(* Let $k\ge1$ and $n=2^k-1$, let $1\le r<n$, and let $\mathsf{X}\in\mathbb{R}^{n\times r}$ have unit-norm, linearly independent columns. With the notation of the context, define $$C=-(I^{\otimes k}\otimes\mathcal{C}_{\mathsf{X}})(I^{\otimes k}\otimes S_0)(I^{\otimes k}\otimes\mathcal{C}_{\mathsf{X}}^* )\,V^*\big(O(r)\otimes I^{\otimes n}\big)V.$$ Then, with $|\psi\rangle=|\mathrm{columns}(\mathsf{X})\rangle$, $$C\big(|0\rangle^{\otimes k}\otimes|\psi\rangle\big)=|0\rangle^{\otimes k}\otimes Q|\psi\rangle,$$ where $Q=-\mathcal{C}_{\mathsf{X}}S_0\mathcal{C}_{\mathsf{X}}^*S_r$.
   Context: Fermionic operators on $(\mathbb{C}^2)^{\otimes n}$ are $c_j=\sigma_z^{\otimes(j-1)}\otimes|0\rangle\langle1|\otimes I^{\otimes(n-j)}$, with $\sigma_z=\mathrm{diag}(1,-1)$. The vacuum is $|\emptyset\rangle=|0\cdots0\rangle$. For a unit $x\in\mathbb{R}^n$, set $\mathcal{C}(x)=\sum_ix_i(c_i+c_i^* )$. Put $\mathcal{C}_{\mathsf{X}}=\mathcal{C}(\mathsf{X}_{:1})\cdots\mathcal{C}(\mathsf{X}_{:r})$ and $|\mathrm{columns}(\mathsf{X})\rangle=\mathcal{C}_{\mathsf{X}}|\emptyset\rangle$. For $t\in\{0,\dots,n\}$, $P_t$ projects onto the span of computational basis states of Hamming weight $t$. Let $S_0=\mathbb{I}-2P_0$ and $S_r=\mathbb{I}-2P_r$. A control register of $k$ qubits is added. For $s=\sum_{\ell=0}^{k-1}s_\ell2^\ell$, set $|\mathrm{bin}(s)\rangle=|s_0\cdots s_{k-1}\rangle$. Let $U_s=\sum_{t=0}^ne^{2\mathrm{i}\pi ts/(n+1)}P_t$. $\mathrm{CU}_m$ ($m=1,\dots,k$) applies $U_{2^{m-1}}$ to the system register controlled on the $m$-th control qubit being $|1\rangle$. $H$ is the Hadamard gate. $\mathrm{IQFT}|\mathrm{bin}(y)\rangle=(n+1)^{-1/2}\sum_{z=0}^ne^{-2\mathrm{i}\pi yz/(n+1)}|\mathrm{bin}(z)\rangle$. Then $V=(\mathrm{IQFT}\otimes I^{\otimes n})(\prod_{m=1}^k\mathrm{CU}_m)(H^{\otimes k}\otimes I^{\otimes n})$. Finally $O(r)=(\sigma_x^{1-r_0}\otimes\cdots\otimes\sigma_x^{1-r_{k-1}})\mathrm{CZ}_k(\sigma_x^{1-r_0}\otimes\cdots\otimes\sigma_x^{1-r_{k-1}})$, where $r=\sum_\ell r_\ell2^\ell$ and $\mathrm{CZ}_k$ negates $|1\rangle^{\otimes k}$ and fixes all other basis states. *)

(* complex numbers R[i] (mathcomp-real-closed) over an
   arbitrary R : realType (mathcomp-analysis, for pi / sin / cos),
   matrices from mathcomp, Kronecker product [tensmx] from real_closed/mxtens
   (index convention: (i,j) |-> i * n + j, i.e. the first factor is the most
   significant / leftmost qubit, as in the usual Kronecker convention). *)
From mathcomp Require Import all_boot all_algebra.
From mathcomp Require Import complex mxtens.
From mathcomp Require Import reals trigo.
Set Implicit Arguments. Unset Strict Implicit. Unset Printing Implicit Defensive.
Import GRing.Theory Num.Theory.
Local Open Scope ring_scope.
Local Open Scope complex_scope.

Section Defs.
Variable R : realType.
Local Notation C := R[i].

Definition adj {m p : nat} (A : 'M[C]_(m, p)) : 'M[C]_(p, m) := map_mx conjc A^T.

Definition qI : 'M[C]_2 := 1%:M.
Definition sigz : 'M[C]_2 := \matrix_(i, j) ((i == j)%:R * (if (i : nat) == 0 then 1 else -1)).
Definition sigx : 'M[C]_2 := \matrix_(i, j) (i != j)%:R.
Definition ket0bra1 : 'M[C]_2 := \matrix_(i, j) (((i : nat) == 0) && ((j : nat) == 1))%:R.
Definition hadamard : 'M[C]_2 :=
  \matrix_(i, j) (((Num.sqrt (2 : R))^-1)%:C * (if ((i : nat) == 1) && ((j : nat) == 1) then -1 else 1)).
Definition ket1q (b : bool) : 'cV[C]_2 := \col_i (((i : nat) == b)%:R).

Fixpoint tprod (m : nat) (f : nat -> 'M[C]_2) {struct m} : 'M[C]_(2 ^ m) :=
  match m return 'M[C]_(2 ^ m) with
  | 0 => 1%:M
  | m'.+1 => castmx (esym (expnS 2 m'), esym (expnS 2 m'))
                    (f 0 *t tprod m' (fun i => f i.+1))
  end.

Fixpoint tket (m : nat) (b : nat -> bool) {struct m} : 'cV[C]_(2 ^ m) :=
  match m return 'cV[C]_(2 ^ m) with
  | 0 => 1%:M
  | m'.+1 => castmx (esym (expnS 2 m'), muln1 1)
                    (ket1q (b 0) *t tket m' (fun i => b i.+1))
  end.

Definition idm (m : nat) : 'M[C]_(2 ^ m) := 1%:M.

Definition vac (m : nat) : 'cV[C]_(2 ^ m) := tket m (fun _ => false).

(* fermionic annihilation operator c_{j+1} on n qubits (j 0-based) *)
Definition cop (n : nat) (j : nat) : 'M[C]_(2 ^ n) :=
  tprod n (fun i => if (i < j)%N then sigz else if i == j then ket0bra1 else qI).

Definition Ccal (n : nat) (x : 'cV[R]_n) : 'M[C]_(2 ^ n) :=
  \sum_(i < n) (x i 0)%:C *: (cop n i + adj (cop n i)).

Definition CX (n r : nat) (X : 'M[R]_(n, r)) : 'M[C]_(2 ^ n) :=
  \big[@mulmx C _ _ _ / idm n]_(j < r) Ccal (col j X).

Definition columns (n r : nat) (X : 'M[R]_(n, r)) : 'cV[C]_(2 ^ n) := CX X *m vac n.

Definition Pw (n t : nat) : 'M[C]_(2 ^ n) :=
  \sum_(b : n.-tuple bool | count id b == t)
     (tket n (nth false b) *m adj (tket n (nth false b))).

Definition Sw (n t : nat) : 'M[C]_(2 ^ n) := idm n - 2%:R *: Pw n t.

Definition expi (theta : R) : C := cos theta +i* sin theta.

Definition Us (n s : nat) : 'M[C]_(2 ^ n) :=
  \sum_(t < n.+1) expi (2 * pi * (t * s)%:R / (n.+1)%:R) *: Pw n t.

Definition bin (k s : nat) : 'cV[C]_(2 ^ k) := tket k (fun l => odd (s %/ 2 ^ l)).

Definition ctrlproj (k : nat) (m : nat) (b : bool) : 'M[C]_(2 ^ k) :=
  tprod k (fun i => if i == m then ket1q b *m adj (ket1q b) else qI).

(* CU_{m+1}: U_{2^m} on the system controlled on control qubit m+1 *)
Definition CU (k n m : nat) : 'M[C]_(2 ^ k * 2 ^ n) :=
  ctrlproj k m false *t idm n + ctrlproj k m true *t Us n (2 ^ m).

Definition IQFT (k n : nat) : 'M[C]_(2 ^ k) :=
  \sum_(y < n.+1) \sum_(z < n.+1)
     (((Num.sqrt (n.+1)%:R : R)^-1)%:C * expi (- (2 * pi * (y * z)%:R / (n.+1)%:R)))
       *: (bin k z *m adj (bin k y)).

Definition Vop (k n : nat) : 'M[C]_(2 ^ k * 2 ^ n) :=
  (IQFT k n *t idm n)
  *m (\big[@mulmx C _ _ _ / idm k *t idm n]_(m < k) CU k n m)
  *m (tprod k (fun _ => hadamard) *t idm n).

Definition CZ (k : nat) : 'M[C]_(2 ^ k) :=
  idm k - 2%:R *: (tket k (fun _ => true) *m adj (tket k (fun _ => true))).

Definition Xflip (k r : nat) : 'M[C]_(2 ^ k) :=
  tprod k (fun l => if odd (r %/ 2 ^ l) then qI else sigx).

Definition Oop (k r : nat) : 'M[C]_(2 ^ k) := Xflip k r *m CZ k *m Xflip k r.

Definition Cop (k n r : nat) (X : 'M[R]_(n, r)) : 'M[C]_(2 ^ k * 2 ^ n) :=
  - ((idm k *t CX X) *m (idm k *t Sw n 0) *m (idm k *t adj (CX X))
     *m adj (Vop k n) *m (Oop k r *t idm n) *m Vop k n).

Definition Qop (n r : nat) (X : 'M[R]_(n, r)) : 'M[C]_(2 ^ n) :=
  - (CX X *m Sw n 0 *m adj (CX X) *m Sw n r).

End Defs.

(* Expand the state in the computational basis |b⟩, and write |b| for the
   Hamming weight of b.  The phase estimation circuit V maps |0…0⟩ ⊗ |b⟩ to
   |bin |b|⟩ ⊗ |b⟩: the Hadamard layer prepares the uniform superposition of
   the |bin y⟩, the controlled powers U_{2^m} multiply |bin y⟩ ⊗ |b⟩ by
   e^{2iπ|b|y/(n+1)}, and since n + 1 = 2^k the inverse Fourier transform
   concentrates the control register on |bin |b|⟩.  The oracle O(r) negates
   |bin t⟩ exactly when t = r and V† undoes V on these states, so
   V† (O(r) ⊗ I) V acts on |0…0⟩ ⊗ |ψ⟩ as I ⊗ S_r.  Composing with
   -(I ⊗ C_X S_0 C_X†) gives |0…0⟩ ⊗ Q|ψ⟩. *)

From mathcomp Require Import all_boot all_algebra.
From mathcomp Require Import complex mxtens.
From mathcomp Require Import reals trigo.
From mathcomp Require Import ring lra.
Import GRing.Theory Num.Theory.
Local Open Scope ring_scope.
Local Open Scope complex_scope.
Set Implicit Arguments. Unset Strict Implicit. Unset Printing Implicit Defensive.

Section CastTensor.
Variable R : pzRingType.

■ **Directions**:
What is the number of lines in the data that include "castmx"? Answer with that number alone.

■ **Answer space**:
2